* **Stored items**
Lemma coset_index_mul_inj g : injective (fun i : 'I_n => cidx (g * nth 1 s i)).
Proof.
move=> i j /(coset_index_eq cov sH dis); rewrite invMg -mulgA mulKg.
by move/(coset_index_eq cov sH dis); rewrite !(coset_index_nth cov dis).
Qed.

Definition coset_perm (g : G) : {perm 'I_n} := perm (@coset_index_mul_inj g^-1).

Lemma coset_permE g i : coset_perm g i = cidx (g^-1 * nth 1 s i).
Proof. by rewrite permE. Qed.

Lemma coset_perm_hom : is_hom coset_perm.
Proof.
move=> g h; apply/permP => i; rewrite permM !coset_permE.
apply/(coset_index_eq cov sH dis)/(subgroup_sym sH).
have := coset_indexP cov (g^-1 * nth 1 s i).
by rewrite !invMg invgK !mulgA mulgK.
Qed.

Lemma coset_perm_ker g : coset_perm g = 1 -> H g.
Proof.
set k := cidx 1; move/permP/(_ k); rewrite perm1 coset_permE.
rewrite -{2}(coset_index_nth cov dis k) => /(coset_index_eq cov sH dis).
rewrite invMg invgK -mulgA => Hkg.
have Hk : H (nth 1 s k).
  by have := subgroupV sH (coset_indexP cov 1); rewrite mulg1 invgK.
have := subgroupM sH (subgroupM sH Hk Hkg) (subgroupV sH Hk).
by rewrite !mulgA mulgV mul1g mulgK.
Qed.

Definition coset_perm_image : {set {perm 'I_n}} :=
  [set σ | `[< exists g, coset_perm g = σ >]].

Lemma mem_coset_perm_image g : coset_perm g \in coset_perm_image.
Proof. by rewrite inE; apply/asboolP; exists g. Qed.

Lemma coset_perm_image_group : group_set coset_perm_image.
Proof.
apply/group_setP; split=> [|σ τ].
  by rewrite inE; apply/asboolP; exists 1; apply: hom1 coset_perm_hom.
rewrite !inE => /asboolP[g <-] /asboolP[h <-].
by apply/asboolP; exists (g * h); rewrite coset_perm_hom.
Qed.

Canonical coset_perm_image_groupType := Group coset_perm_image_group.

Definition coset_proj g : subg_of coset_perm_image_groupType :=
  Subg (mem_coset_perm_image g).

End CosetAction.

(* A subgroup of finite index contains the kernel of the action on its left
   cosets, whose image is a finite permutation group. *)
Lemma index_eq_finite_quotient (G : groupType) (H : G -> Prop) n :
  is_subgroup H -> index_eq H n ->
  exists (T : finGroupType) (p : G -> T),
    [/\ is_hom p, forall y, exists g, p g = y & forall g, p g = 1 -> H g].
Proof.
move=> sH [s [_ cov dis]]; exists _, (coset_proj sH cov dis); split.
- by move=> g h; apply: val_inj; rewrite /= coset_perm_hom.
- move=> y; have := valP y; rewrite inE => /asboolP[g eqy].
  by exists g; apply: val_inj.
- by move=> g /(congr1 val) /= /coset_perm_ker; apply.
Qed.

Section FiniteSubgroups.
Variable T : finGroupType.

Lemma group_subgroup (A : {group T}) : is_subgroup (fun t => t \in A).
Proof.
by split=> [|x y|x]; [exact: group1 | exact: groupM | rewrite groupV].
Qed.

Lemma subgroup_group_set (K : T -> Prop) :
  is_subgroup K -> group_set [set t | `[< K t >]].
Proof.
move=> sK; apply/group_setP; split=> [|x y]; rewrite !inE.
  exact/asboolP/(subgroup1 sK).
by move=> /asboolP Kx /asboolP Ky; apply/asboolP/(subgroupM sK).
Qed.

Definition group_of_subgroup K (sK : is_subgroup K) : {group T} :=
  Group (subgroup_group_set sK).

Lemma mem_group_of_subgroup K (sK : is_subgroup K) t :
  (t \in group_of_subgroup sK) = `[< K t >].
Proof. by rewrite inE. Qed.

* **EXERCISE DETAILS**
Would you repeat each line above exactly as it stands?

* **RESULT OF THE EXERCISE**
Lemma coset_index_mul_inj g : injective (fun i : 'I_n => cidx (g * nth 1 s i)).
Proof.
move=> i j /(coset_index_eq cov sH dis); rewrite invMg -mulgA mulKg.
by move/(coset_index_eq cov sH dis); rewrite !(coset_index_nth cov dis).
Qed.

Definition coset_perm (g : G) : {perm 'I_n} := perm (@coset_index_mul_inj g^-1).

Lemma coset_permE g i : coset_perm g i = cidx (g^-1 * nth 1 s i).
Proof. by rewrite permE. Qed.

Lemma coset_perm_hom : is_hom coset_perm.
Proof.
move=> g h; apply/permP => i; rewrite permM !coset_permE.
apply/(coset_index_eq cov sH dis)/(subgroup_sym sH).
have := coset_indexP cov (g^-1 * nth 1 s i).
by rewrite !invMg invgK !mulgA mulgK.
Qed.

Lemma coset_perm_ker g : coset_perm g = 1 -> H g.
Proof.
set k := cidx 1; move/permP/(_ k); rewrite perm1 coset_permE.
rewrite -{2}(coset_index_nth cov dis k) => /(coset_index_eq cov sH dis).
rewrite invMg invgK -mulgA => Hkg.
have Hk : H (nth 1 s k).
  by have := subgroupV sH (coset_indexP cov 1); rewrite mulg1 invgK.
have := subgroupM sH (subgroupM sH Hk Hkg) (subgroupV sH Hk).
by rewrite !mulgA mulgV mul1g mulgK.
Qed.

Definition coset_perm_image : {set {perm 'I_n}} :=
  [set σ | `[< exists g, coset_perm g = σ >]].

Lemma mem_coset_perm_image g : coset_perm g \in coset_perm_image.
Proof. by rewrite inE; apply/asboolP; exists g. Qed.

Lemma coset_perm_image_group : group_set coset_perm_image.
Proof.
apply/group_setP; split=> [|σ τ].
  by rewrite inE; apply/asboolP; exists 1; apply: hom1 coset_perm_hom.
rewrite !inE => /asboolP[g <-] /asboolP[h <-].
by apply/asboolP; exists (g * h); rewrite coset_perm_hom.
Qed.

Canonical coset_perm_image_groupType := Group coset_perm_image_group.

Definition coset_proj g : subg_of coset_perm_image_groupType :=
  Subg (mem_coset_perm_image g).

End CosetAction.

(* A subgroup of finite index contains the kernel of the action on its left
   cosets, whose image is a finite permutation group. *)
Lemma index_eq_finite_quotient (G : groupType) (H : G -> Prop) n :
  is_subgroup H -> index_eq H n ->
  exists (T : finGroupType) (p : G -> T),
    [/\ is_hom p, forall y, exists g, p g = y & forall g, p g = 1 -> H g].
Proof.
move=> sH [s [_ cov dis]]; exists _, (coset_proj sH cov dis); split.
- by move=> g h; apply: val_inj; rewrite /= coset_perm_hom.
- move=> y; have := valP y; rewrite inE => /asboolP[g eqy].
  by exists g; apply: val_inj.
- by move=> g /(congr1 val) /= /coset_perm_ker; apply.
Qed.

Section FiniteSubgroups.
Variable T : finGroupType.

Lemma group_subgroup (A : {group T}) : is_subgroup (fun t => t \in A).
Proof.
by split=> [|x y|x]; [exact: group1 | exact: groupM | rewrite groupV].
Qed.

Lemma subgroup_group_set (K : T -> Prop) :
  is_subgroup K -> group_set [set t | `[< K t >]].
Proof.
move=> sK; apply/group_setP; split=> [|x y]; rewrite !inE.
  exact/asboolP/(subgroup1 sK).
by move=> /asboolP Kx /asboolP Ky; apply/asboolP/(subgroupM sK).
Qed.

Definition group_of_subgroup K (sK : is_subgroup K) : {group T} :=
  Group (subgroup_group_set sK).

Lemma mem_group_of_subgroup K (sK : is_subgroup K) t :
  (t \in group_of_subgroup sK) = `[< K t >].
Proof. by rewrite inE. Qed.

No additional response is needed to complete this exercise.